As it turns out, I was in for a surprise. Actually, make that two surprises. First, the IP model after presolving had 211 constraints, whereas the CP model after presolving had 7,399 constraints. Note that, in the implication constraints, the left side and each equality on the right side count as a constraint. I'm not sure how comparable constraints are between the two models, but I was not expecting the CP model to have so many more. Second, while both model solved in negligible time, the IP model was faster.
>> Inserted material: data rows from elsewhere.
(* Let $\mathcal{R}$ be a TRS (left-hand sides possibly non-linear), $(S,s_0,L,\delta,\mathit{out}_L,\mathit{out}_{NL})$ the non-linear set automaton for $\mathcal{R}$, $t_0$ a ground term and $\mathit{select}$ a strategy. If $\textsc{NormalizeNonLinear}(t_0,\mathit{select})$ returns a term $t$, then $t$ is a normal form of $t_0$, i.e. $t_0\to^*t$ and $t$ has no redexes.
   Context: Terms: $\mathbb{F}$ finite ranked alphabet with arity $\#$, $\mathbb{V}$ variables. Positions are finite lists of positive integers; $\epsilon$ empty, $p.q$ concatenation, $p\le q$ means $p$ is a prefix of $q$. $\mathcal{D}(t)$ positions of $t$, $\mathcal{E}(t)$ variable positions, $t|_p$ subterm, $t[u]_p$ replacement, $\mathrm{hd}(t)$ head symbol. A TRS $\mathcal{R}$ is a finite nonempty set of rules $\ell\to r$ ($\ell\notin\mathbb{V}$, $\mathrm{vars}(r)\subseteq\mathrm{vars}(\ell)$) with left-hand sides $\mathcal{L}$. A redex of $t$ is $(\ell\to r)@p$ with $\ell\to r\in\mathcal{R}$ and $t|_p=\ell^\sigma$; $t[(\ell\to r)@p]=t[r^\sigma]_p$; $\to^*$ is the reflexive-transitive closure of one-step rewriting; a normal form has no redexes. $\pi(\ell)$ is the partition of $\mathcal{E}(\ell)$ into sets of positions holding the same variable; $\ell$ is linear iff $|\pi(\ell)|=|\mathcal{E}(\ell)|$. A term $u$ is consistent with $\pi(\ell)$ iff $u|_p=u|_q$ for all $P\in\pi(\ell)$, $p,q\in P$. Set automaton construction. $\mathrm{sub}(\mathcal{L})$: subterms $\ell|_q$, $\ell\in\mathcal{L}$, $q\in\mathcal{D}(\ell)\setminus\mathcal{E}(\ell)$. A match goal $\ell_1@p_1,\dots,\ell_n@p_n\hookrightarrow\ell@p$ ($n\ge1$) has nonempty obligation $mo=\{\ell_i@p_i\}$ ($\ell_i\in\mathrm{sub}(\mathcal{L})$) and announcement $\ell@p$ ($\ell\in\mathcal{L}$); $\mathrm{pos}(mo)=\{p_i\}$. States are nonempty sets of goals; $s_0=\{\ell@\epsilon\hookrightarrow\ell@\epsilon\mid\ell\in\mathcal{L}\}$; $S$ = states reachable from $s_0$. Each state $s$ has a fixed label $L(s)\in\mathrm{pos}(mo)$ for some goal $mo\hookrightarrow\ell@\epsilon\in s$. $\mathrm{reduce}(mo,f,p)=\{\ell'@q\in mo\mid q\ne p\}\cup\{\ell'|_i@p.i\mid\ell'@p\in mo,1\le i\le\#f,\ell'|_i\notin\mathbb{V}\}$. $\mathrm{deriv}(s,f)$ is the union of $\{\mathrm{reduce}(mo,f,L(s))\hookrightarrow ma\mid mo\hookrightarrow ma\in s,\exists\ell'.\ell'@L(s)\in mo\wedge\mathrm{hd}(\ell')=f,\mathrm{reduce}(mo,f,L(s))\ne\emptyset\}$, $\{mo\hookrightarrow ma\in s\mid L(s)\notin\mathrm{pos}(mo)\}$ and $\{\ell@L(s).i\hookrightarrow\ell@L(s).i\mid\ell\in\mathcal{L},1\le i\le\#f\}$. Goals are directly dependent if their obligation positions intersect; dependency is its transitive closure. For a dependency class $K$ of $\mathrm{deriv}(s,f)$, $\mathrm{gcp}(K)$ is the greatest common prefix of its announcement positions and $\mathrm{lift}(K)$ removes that prefix from all positions in $K$. $\delta(s,f)=\{(\mathrm{lift}(K),\mathrm{gcp}(K))\mid K\}$; $\mathit{out}(s,f)=\{(\ell\to r)@p\mid\ell\to r\in\mathcal{R},f(x_1,\dots,x_{\#f})@L(s)\hookrightarrow\ell@p\in s,x_i\in\mathbb{V}\}$. The non-linear set automaton splits $\mathit{out}$: $\mathit{out}_L(s,f)$ consists of its elements with linear $\ell$, $\mathit{out}_{NL}(s,f)$ of those with non-linear $\ell$. For $X\in\{L,NL\}$: $\mathit{matches}_X(s,p,t)=\{(\ell\to r)@p.q\mid(\ell\to r)@q\in\mathit{out}_X(s,\mathrm{hd}(t|_{p.L(s)}))\}$. Configuration trees: $ct::=\mathit{bud}(s,p)\mid\mathit{node}(s,p,cts)$, $cts$ finite possibly empty set of configuration trees; $\mathit{buds}(ct)$, $\mathit{nodes}(ct)$ are the configurations labelling bud/node vertices. $\mathit{grow}(ct,s,p,t)$ replaces every $\mathit{bud}(s,p)$ in $ct$ by $\mathit{node}(s,p,\{\mathit{bud}(s',p.p')\mid(s',p')\in\delta(s,\mathrm{hd}(t|_{p.L(s)}))\})$. $\mathit{prune}(\mathit{bud}(s,p),q)=\mathit{bud}(s,p)$; $\mathit{prune}(\mathit{node}(s,p,cts),q)=\mathit{bud}(s,p)$ if $p.L(s)=q$, else $\mathit{node}(s,p,\{\mathit{prune}(c,q)\mid c\in cts\})$. $ct[p]$ is the subtree of $ct$ whose root configuration $(s,q)$ has $q.L(s)=p$. Strategy: a function that, whenever $\mathit{buds}(ct)\cup am\cup reds_L\cup en\ne\emptyset$, selects an element of that set. Procedure $\textsc{NormalizeNonLinear}(t_0,\mathit{select})$: $t:=t_0$; $reds_L,am,dis,en:=\emptyset$; $ct:=\mathit{bud}(s_0,\epsilon)$. While $\mathit{buds}(ct)$, $reds_L$, $en$ or $am$ is nonempty, select $a$. (a) If $a=(s,p)\in\mathit{buds}(ct)$: $ct:=\mathit{grow}(ct,s,p,t)$; $reds_L:=reds_L\cup\mathit{matches}_L(s,p,t)$; $am:=am\cup\mathit{matches}_{NL}(s,p,t)$. (b) If $a=(\ell\to r)@p\in am$: remove it from $am$; add it to $en$ if $t|_p$ is consistent with $\pi(\ell)$, else to $dis$. (c) If $a=(\ell\to r)@p\in reds_L\cup en$: let $N=\bigcup\{\mathit{matches}_{NL}(s,q,t)\mid(s,q)\in\mathit{nodes}(ct[p])\}$; set $reds_L:=reds_L\setminus\bigcup\{\mathit{matches}_L(s,q,t)\mid(s,q)\in\mathit{nodes}(ct[p])\}$; $en:=en\setminus N$; $dis:=dis\setminus N$; $rem:=\{(\ell'\to r')@q\in en\cup dis\mid\exists P\in\pi(\ell'):|P|\ge2\wedge\exists q'\in P: q.q'\le p\}$; $en:=en\setminus rem$; $dis:=dis\setminus rem$; $am:=(am\setminus N)\cup rem$; then $ct:=\mathit{prune}(ct,p)$ and $t:=t[(\ell\to r)@p]$. After the loop return $t$. *)

From Stdlib Require Import List Relations.
Import ListNotations.
Set Implicit Arguments.
Lemma sum_window_delta (w : Z -> R) (c j : Z) n :
  sum_f_R0 (fun i => w (c - Z.of_nat i)%Z *
                     (if Z.eq_dec (j - (c - Z.of_nat i)) 0 then 1 else 0)) n
  = if Z_le_gt_dec (c - Z.of_nat n) j then (if Z_le_gt_dec j c then w j else 0) else 0.
Proof.
  induction n as [|n IH].
  - simpl. destruct (Z.eq_dec (j - (c - 0)) 0); destruct (Z_le_gt_dec (c - 0) j);
      destruct (Z_le_gt_dec j c); try lia; try ring.
    replace j with (c - 0)%Z by lia. ring.
  - rewrite tech5, IH, Nat2Z.inj_succ.
    destruct (Z.eq_dec (j - (c - Z.succ (Z.of_nat n))) 0);
      destruct (Z_le_gt_dec (c - Z.of_nat n) j); destruct (Z_le_gt_dec j c);
      destruct (Z_le_gt_dec (c - Z.succ (Z.of_nat n)) j); try lia; try ring.
    replace j with (c - Z.succ (Z.of_nat n))%Z by lia. ring.
Qed.

Lemma window_solution_init_le w c n j :
  (forall i, 0 <= w i) -> window_solution w c n 0 j <= w j.
Proof.
  intros Hw. unfold window_solution.
  rewrite (sum_eq _ (fun i => w (c - Z.of_nat i)%Z *
                      (if Z.eq_dec (j - (c - Z.of_nat i)) 0 then 1 else 0)))
    by (intros; rewrite heat_kernel_0; reflexivity).
  rewrite sum_window_delta. pose proof (Hw j).
  destruct (Z_le_gt_dec (c - Z.of_nat n) j); destruct (Z_le_gt_dec j c); lra.
Qed.

Lemma window_solution_le_mass w c n s j :
  0 <= s -> (forall i, 0 <= w i) ->
  window_solution w c n s j <= sum_f_R0 (fun i => w (c - Z.of_nat i)%Z) n.
Proof.
  intros Hs Hw. apply sum_Rle; intros i _.
  pose proof (heat_kernel_bound s (j - (c - Z.of_nat i)) Hs) as Hk.
  apply Rabs_le_between in Hk. pose proof (Hw (c - Z.of_nat i)%Z). nra.
Qed.

Lemma window_solution_le_solution u0 u c n t j :
  linf_plus u0 -> is_solution u0 u -> 0 <= t -> window_solution u0 c n t j <= u t j.
Proof.
  intros [_ Hu0] [[Hubound Hucont] [Huinit Hueq]] Ht.
  set (W := window_solution u0 c n).
  assert (Hucont0 : forall i, right_continuous_at (fun s => u s i) 0).
  { intros i eps Heps. destruct (Hucont 0 (Rle_refl 0) eps Heps) as [d [Hd Hnear]].
    exists d; split; [exact Hd|]. intros s Hs.
    apply Hnear; [lra | rewrite Rminus_0_r, Rabs_right; lra]. }
  cut (0 <= u t j - W t j); [lra|].
  apply (supersolution_nonneg (fun s i => u s i - W s i) (fun _ => 0)
           (sum_f_R0 (fun i => u0 (c - Z.of_nat i)%Z) n)); [| | | | | exact Ht].
  - intros; lra.
  - intros i. rewrite Huinit. pose proof (window_solution_init_le u0 c n i Hu0). unfold W; lra.
  - intros s i Hs. destruct (Hubound s Hs) as [_ Hpos]. pose proof (Hpos i).
    pose proof (window_solution_le_mass u0 c n s i Hs Hu0). unfold W; lra.
  - intros i. apply right_continuous_plus; [apply Hucont0|].
    eapply right_continuous_of_derive.
    apply (is_derive_opp (fun s => W s i)), window_solution_derive.
  - intros s i Hs. exists (lap (u s) i - lap (W s) i). split.
    + apply (is_derive_minus (fun x => u x i)); [apply Hueq, Hs | apply window_solution_derive].
    + unfold lap; lra.
Qed.

Lemma Mmass_heat_kernel_le_window u0 k N t :
  (forall i, 0 <= u0 i) -> 0 <= t ->
  Mmass u0 k N * heat_kernel t (Z.of_nat N) <= window_solution u0 (k + Z.of_nat N) (2 * N) t k.
Proof.
  intros Hu0 Ht. unfold Mmass, window_solution.
  rewrite Rmult_comm, scal_sum. apply sum_Rle; intros i Hi.
  replace (k - (Z.of_nat i - Z.of_nat N))%Z with (k + Z.of_nat N - Z.of_nat i)%Z by ring.
  apply Rmult_le_compat_l; [apply Hu0|].
  apply heat_kernel_antitone; [exact Ht | lia].
Qed.
Lemma ideal_downset W : Omega0 W -> ideal (dn W).
Proof.
move=> oW; apply: union_closed_ideal => [U [] // | | U V [_ sV] oU sUV | U V [oU sU] [oV sV]].
- by split=> //; exact: base0.
- by split=> // x /sUV /sV.
- by split=> [| x [/sU | /sV]]; [exact: baseU |..].
Qed.

Lemma idealI I J : ideal I -> ideal J -> ideal (I `&` J).
Proof.
move=> iI iJ; apply: union_closed_ideal => [U [/(ideal_base iI)] // | | U V [IV JV] oU sUV |].
- by split; apply: ideal0.
- by split; [apply: ideal_down iI IV oU sUV | apply: ideal_down iJ JV oU sUV].
- by move=> U V [IU JU] [IV JV]; split; apply: idealU.
Qed.

Lemma hatO_ideal y I : OO I y -> ideal I.
Proof. by case: (proj2_sig y) => hI _ _ _ _; apply: hI. Qed.

Lemma hatO_up y I J : OO I y -> ideal J -> I `<=` J -> OO J y.
Proof. by case: (proj2_sig y) => _ _ hup _ _; apply: hup. Qed.

Lemma hatO_downset y U I : ideal I -> I U -> OO (dn U) y -> OO I y.
Proof. by move=> iI IU yU; apply: (hatO_up yU iI) => V [oV sV]; apply: ideal_down iI IU oV sV. Qed.

Lemma hatO_downset_sub y U V : Omega0 V -> U `<=` V -> OO (dn U) y -> OO (dn V) y.
Proof. by move=> oV sUV yU; apply: (hatO_up yU (ideal_downset oV)) => W [oW sW]; split=> // x /sW /sUV. Qed.

(* An ideal is the join of the principal ideals of its elements. *)
Lemma hatO_cover y I : OO I y -> exists2 U, I U & OO (dn U) y.
Proof.
move=> yI; have iI := hatO_ideal yI; case: (proj2_sig y) => _ _ _ _ cp.
pose A J := exists2 U, I U & J = dn U.
have hA : A `<=` ideal by move=> J [U IU ->]; apply/ideal_downset/(ideal_base iI).
have jA : ideal_join Omega0 A I.
  split=> // [J [U IU ->] V [oV sV] | L iL hL U IU]; first exact: ideal_down iI IU oV sV.
  by apply: (hL (dn U)); [exists U | split=> //; apply: (ideal_base iI)].
by have [J [[U IU ->] yU]] := cp A I hA jA yI; exists U.
Qed.

Lemma hatO_downset0 y : ~ OO (dn set0) y.
Proof.
move=> y0; case: (proj2_sig y) => _ _ _ _ cp.
have jA : ideal_join Omega0 set0 (dn set0).
  split=> //; first exact: ideal_downset base0.
  by move=> L iL _ U [oU sU]; apply: ideal_down iL (ideal0 iL) oU sU.
by have [J [[] _]] := cp set0 _ (sub0set _) jA y0.
Qed.

Lemma hatO_downsetU y U V : Omega0 U -> Omega0 V ->
  OO (dn (U `|` V)) y -> OO (dn U) y \/ OO (dn V) y.
Proof.
move=> oU oV yUV; case: (proj2_sig y) => _ _ _ _ cp.
have hA : [set dn U; dn V] `<=` ideal by move=> J [-> | ->]; apply: ideal_downset.
have jA : ideal_join Omega0 [set dn U; dn V] (dn (U `|` V)).
  split=> [|J [-> | ->] W [oW sW] | L iL hL W [oW sW]]; first exact: ideal_downset (baseU oU oV).
  - by split=> // x /sW; left.
  - by split=> // x /sW; right.
  have LU : L U by apply: (hL (dn U)); [left | split].
  have LV : L V by apply: (hL (dn V)); [right | split].
  exact: ideal_down iL (idealU iL LU LV) oW sW.
by have [J [[-> | ->] yJ]] := cp _ _ hA jA yUV; [left | right].
Qed.

Lemma hatO_downsetI y U V : Omega0 U -> Omega0 V ->
  OO (dn U) y -> OO (dn V) y -> OO (dn (U `&` V)) y.
Proof.
move=> oU oV yU yV; case: (proj2_sig y) => _ _ _ meet _; apply: meet yU yV _.
split=> [|W [oW sW] | W [oW sW] | L iL h1 h2 W LW]; first exact: ideal_downset (baseI oU oV).
- by split=> // x /sW [].
- by split=> // x /sW [].
have [oW s1] := h1 _ LW; have [_ s2] := h2 _ LW.
by split=> // x hx; split; [apply: s1 | apply: s2].
Qed.

Lemma hatO_downsetT y : exists2 U, Omega0 U & OO (dn U) y.
Proof.
case: (proj2_sig y) => _ [I yI] _ _ _; have [U IU yU] := hatO_cover yI.
by exists U => //; apply: (ideal_base (hatO_ideal yI)).
Qed.

Definition hat_open (P : set X) :=
  forall y, P y -> exists U, [/\ Omega0 U, OO (dn U) y & OO (dn U) `<=` P].

Lemma hat_openP P : hat_open P <-> exists I, ideal I /\ forall y, P y <-> OO I y.
Proof.
split=> [hP | [I [iI hI]] y /hI /hatO_cover [U IU yU]]; last first.
  exists U; split=> //; first exact: (ideal_base iI).
  by move=> z /(hatO_downset iI IU) /hI.
pose I U := Omega0 U /\ OO (dn U) `<=` P.
have iI : ideal I.
  apply: union_closed_ideal => [U [] // | | U V [oV hV] oU sUV | U V [oU hU] [oV hV]].
  - by split=> [|z /hatO_downset0]; first exact: base0.
  - by split=> // z /(hatO_downset_sub oV sUV) /hV.
  - by split=> [|z /(hatO_downsetU oU oV) [/hU | /hV]]; first exact: baseU.
exists I; split=> // y; split=> [/hP [U [oU yU hU]] | /hatO_cover [U [oU hU] yU]].
- exact: hatO_downset iI _ yU.
- exact: hU.
Qed.

Lemma hat_openI P Q : hat_open P -> hat_open Q -> hat_open (P `&` Q).
Proof.
move=> hP hQ y [/hP [U [oU yU hU]] /hQ [V [oV yV hV]]].
exists (U `&` V); split; [exact: baseI | exact: hatO_downsetI |].
by move=> z hz; split; [apply: hU | apply: hV]; apply: hatO_downset_sub hz => // x [].
Qed.

Lemma hat_open_downset U : Omega0 U -> hat_open (OO (dn U)).
Proof. by move=> oU y yU; exists U; split.  Qed.

Lemma hat_open_const (p : Prop) : hat_open (fun=> p).
Proof. by move=> y py; have [U oU yU] := hatO_downsetT y; exists U; split.  Qed.

Lemma hat_open_imply (p : Prop) P : hat_open P -> hat_open (fun z => p -> P z).
Proof.
move=> hP; case: (EM p) => [hp | np] y.
  by move=> /(_ hp) /hP [U [oU yU hU]]; exists U; split=> // z /hU.
by move=> _; have [U oU yU] := hatO_downsetT y; exists U; split=> // z _ /np.
Qed.

Lemma hat_open_bigI n (P : 'I_n -> set X) :
  (forall i, hat_open (P i)) -> hat_open (fun z => forall i, P i z).
Proof.
move=> hP; suff hs (s : seq 'I_n) : hat_open (fun z => forall i, i \in s -> P i z).
  by move=> y Py; have [U [oU yU hU]] := hs (enum 'I_n) y (fun i _ => Py i);
    exists U; split=> // z /hU Pz i; apply: Pz; rewrite mem_enum.
elim: s => [|a s IH] y Py.
  by have [U oU yU] := hatO_downsetT y; exists U; split=> // z _ i; rewrite in_nil.
have Pya : (P a `&` fun z => forall i, i \in s -> P i z) y.
  by split=> [|i si]; apply: Py; rewrite in_cons ?eqxx ?si ?orbT.
have [U [oU yU hU]] := hat_openI (hP a) IH Pya.
exists U; split=> // z /hU [Pza Pzs] i; rewrite in_cons => /orP [/eqP -> // | /Pzs //].
Qed.

Lemma hat_scott_continuousP (D : Type) (le : D -> D -> Prop) (f : X -> D) :
  hat_scott_continuous Omega0 le f <->
  forall V, scott_open le V -> hat_open (f @^-1` V).
Proof.
split=> hf V /hf; last by move/hat_openP.
by move=> hV; apply/hat_openP.
Qed.

Section PrimeFilters.
Variable A : set (set T).
Hypotheses (A_base : A `<=` Omega0)
  (A_up : forall U V, A U -> Omega0 V -> U `<=` V -> A V)
  (A_meet : forall U V, A U -> A V -> A (U `&` V))
  (A_prime : forall U V, Omega0 U -> Omega0 V -> A (U `|` V) -> A U \/ A V)
  (A_proper : ~ A set0).

Lemma prime_filter_point W : A W ->
  exists y : X, forall I, ideal I -> OO I y <-> exists2 U, I U & A U.
Proof.
move=> AW; pose y I := ideal I /\ exists2 U, I U & A U.
suff cpy : cp_filter Omega0 y.
  by exists (exist _ y cpy) => I iI; split=> [[] | ] //; split.
split=> [I [] // | | I J [iI [U IU AU]] iJ sIJ | I1 I2 K | Af J0 hA jA [_ [U J0U AU]]].
- by exists (dn W); split; [exact: ideal_downset (A_base AW) | exists W => //; split=> //; exact: A_base].
- by split=> //; exists U => //; apply: sIJ.
- move=> [i1 [U I1U AU]] [i2 [V I2V AV]] [iK K1 K2 Kmax]; split=> //.
  exists (U `&` V); last exact: A_meet.
  have oUV := baseI (ideal_base i1 I1U) (ideal_base i2 I2V).
  apply: (Kmax _ (idealI i1 i2)) => [V' [] // | V' [] // |].
  by split; [apply: (ideal_down i1 I1U oUV) | apply: (ideal_down i2 I2V oUV)]; move=> x [].
(* Complete primeness: the V whose membership in A is witnessed by a member
   of Af form an ideal (A is prime) above every member of Af, hence above J0. *)
pose G V := Omega0 V /\ (A V -> exists2 I, Af I & exists2 U, I U & A U).
have iG : ideal G.
  apply: union_closed_ideal => [V [] // | | V V' [oV' hV'] oV sVV' | V1 V2 [o1 h1] [o2 h2]].
  - by split=> [|/A_proper //]; exact: base0.
  - by split=> // AV; apply: hV'; apply: A_up AV oV' sVV'.
  - by split=> [|/(A_prime o1 o2) [/h1 | /h2] //]; exact: baseU.
case: jA => _ _ /(_ G iG) J0G.
have [_ /(_ AU) [I AfI meetI]] : G U.
  by apply: J0G => // I AfI V IV; split=> [|AV]; [exact: ideal_base (hA _ AfI) _ IV | exists I => //; exists V].
by exists I; split=> //; split=> //; apply: hA.
Qed.

End PrimeFilters.

Section Separation.
Variables (W : set T) (J : set (set T)).
Hypotheses (oW : Omega0 W) (iJ : ideal J) (nJW : ~ J W).

Definition avoiding_filter (F : set (set T)) :=
  [/\ F `<=` Omega0, (forall U V, F U -> Omega0 V -> U `<=` V -> F V),
      (forall U V, F U -> F V -> F (U `&` V)), (forall U, F U -> ~ J U) & F W].

Lemma avoiding_filter_up : avoiding_filter (fun V => Omega0 V /\ W `<=` V).
Proof.
split=> [U [] // | U V [oU sU] oV sUV | U V [oU sU] [oV sV] | U [oU sU] JU |].
- by split=> // x /sU /sUV.
- by split=> [|x Wx]; [exact: baseI | split; [apply: sU | apply: sV]].
- exact: nJW (ideal_down iJ JU oW sU).
- by split.
Qed.

Lemma maximal_avoiding_filter :
  exists F, avoiding_filter F /\ forall G, F `<` G -> ~ avoiding_filter G.
Proof.
pose P F := F = set0 \/ avoiding_filter F.
suff [F [[-> | aF] maxF]] : exists F, P F /\ forall G, F `<` G -> ~ P G.
- exfalso; apply: (maxF _ _ (or_intror avoiding_filter_up)).
  by split=> [U [] | /(_ W (conj oW (@subset_refl _ W)))].
- by exists F; split=> // G FG aG; apply: (maxF G FG); right.
apply: Zorn_bigcup => C CP totC.
case: (EM (exists2 F, C F & F !=set0)) => [[F0 CF0 [U0 F0U0]] | ne]; last first.
  by left; apply/seteqP; split=> // U [F CF FU]; apply: ne; exists F => //; exists U.
have aC F U : C F -> F U -> avoiding_filter F.
  by move=> CF FU; case: (CP _ CF) => // F_0; rewrite F_0 in FU.
right; split=> [U [F CF FU] | U V [F CF FU] oV sUV | U V [F1 C1 F1U] [F2 C2 F2V] | U [F CF FU] |].
- by case: (aC _ _ CF FU) => sF _ _ _ _; apply: sF.
- by exists F => //; case: (aC _ _ CF FU) => _ upF _ _ _; apply: upF FU oV sUV.
- case: (totC _ _ C1 C2) => [/(_ _ F1U) F2U | /(_ _ F2V) F1V].
  + by exists F2 => //; case: (aC _ _ C2 F2V) => _ _ capF _ _; apply: capF.
  + by exists F1 => //; case: (aC _ _ C1 F1U) => _ _ capF _ _; apply: capF.
- by case: (aC _ _ CF FU) => _ _ _ disF _; apply: disF.
- by exists F0 => //; case: (aC _ _ CF0 F0U0).
Qed.

Section Maximal.
Variable F : set (set T).
Hypotheses (aF : avoiding_filter F) (maxF : forall G, F `<` G -> ~ avoiding_filter G).

(* Otherwise the filter generated by F and U would be a larger avoiding filter. *)
Lemma maximal_avoiding_filter_out U : Omega0 U -> ~ F U ->
  exists g j, [/\ F g, J j & g `&` U `<=` j].
Proof.
case: aF => sF upF capF disF FW oU nFU; apply: contrapT => nex.
pose FU C := Omega0 C /\ exists2 g, F g & g `&` U `<=` C.
apply: (maxF (G := FU)).
  split=> [g Fg | FUF]; first by split; [exact: sF | exists g => // x []].
  by apply: nFU; apply: FUF; split=> //; exists W => // x [].
split=> [C [] // | C V [oC [g Fg sC]] oV sCV | C1 C2 [o1 [g1 F1 s1]] [o2 [g2 F2 s2]] | C [oC [g Fg sC]] JC |].
- by split=> //; exists g => // x /sC /sCV.
- split; first exact: baseI.
  by exists (g1 `&` g2); [exact: capF | move=> x [[x1 x2] xU]; split; [apply: s1 | apply: s2]].
- by apply: nex; exists g, C.
- by split; [exact: sF | exists W => // x []].
Qed.

Lemma maximal_avoiding_filter_prime U V : Omega0 U -> Omega0 V ->
  F (U `|` V) -> F U \/ F V.
Proof.
move=> oU oV FUV; case: (EM (F U)) => [|nU]; first by left.
case: (EM (F V)) => [|nV]; first by right.
have [g1 [j1 [F1 J1 s1]]] := maximal_avoiding_filter_out oU nU.
have [g2 [j2 [F2 J2 s2]]] := maximal_avoiding_filter_out oV nV.
case: aF => sF _ capF disF _.
have Fg : F ((g1 `&` g2) `&` (U `|` V)) by apply: (capF) => //; apply: capF.
exfalso; apply: (disF _ Fg); apply: (ideal_down iJ (idealU iJ J1 J2) (sF _ Fg)).
by move=> x [[x1 x2] [xU | xV]]; [left; apply: s1 | right; apply: s2].
Qed.

End Maximal.

Lemma hatO_separation : exists y : X, OO (dn W) y /\ ~ OO J y.
Proof.
have [F [aF maxF]] := maximal_avoiding_filter.
have Fprime := maximal_avoiding_filter_prime aF maxF.
case: aF => sF upF capF disF FW.
have [y hy] := prime_filter_point sF upF capF Fprime (fun F0 => disF _ F0 (ideal0 iJ)) FW.
exists y; split.
- by apply/(hy _ (ideal_downset oW)); exists W => //; split.
- by move=> /(hy _ iJ) [U JU FU]; apply: (disF _ FU).
Qed.

End Separation.

Section FunctionSpace.
Variables (D : Type) (le : D -> D -> Prop) (bot : D).
Hypotheses (le_po : partial_order le)
  (le_dcpo : forall A, directed le A -> exists s, is_lub le A s)
  (le_bot : forall x, le bot x)
  (le_cont : continuous_po le)
  (le_bc : forall A, (exists u, is_ub le A u) -> exists s, is_lub le A s).

Local Notation F := (fspace Omega0 le).
Local Notation fle := (fle Omega0 le).

Lemma fspace_open (f : F) V : scott_open le V -> hat_open (sval f @^-1` V).
Proof. by move: (proj2_sig f) => /hat_scott_continuousP; apply. Qed.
CPLEX solved the IP model at the root node (no branching) in about 0.01 seconds on my fairly average desktop PC. CP Optimizer needed 2,678 branches and about 0.12 seconds to solve the CP model, of which 0.05 seconds was spent in the "engine" (i.e., solving) and the rest was spent in "extraction" (turning the model into something suitable for the engine).

My Java code (which requires both CPLEX and CP Optimizer but nothing else) can be found in my GitLab repository.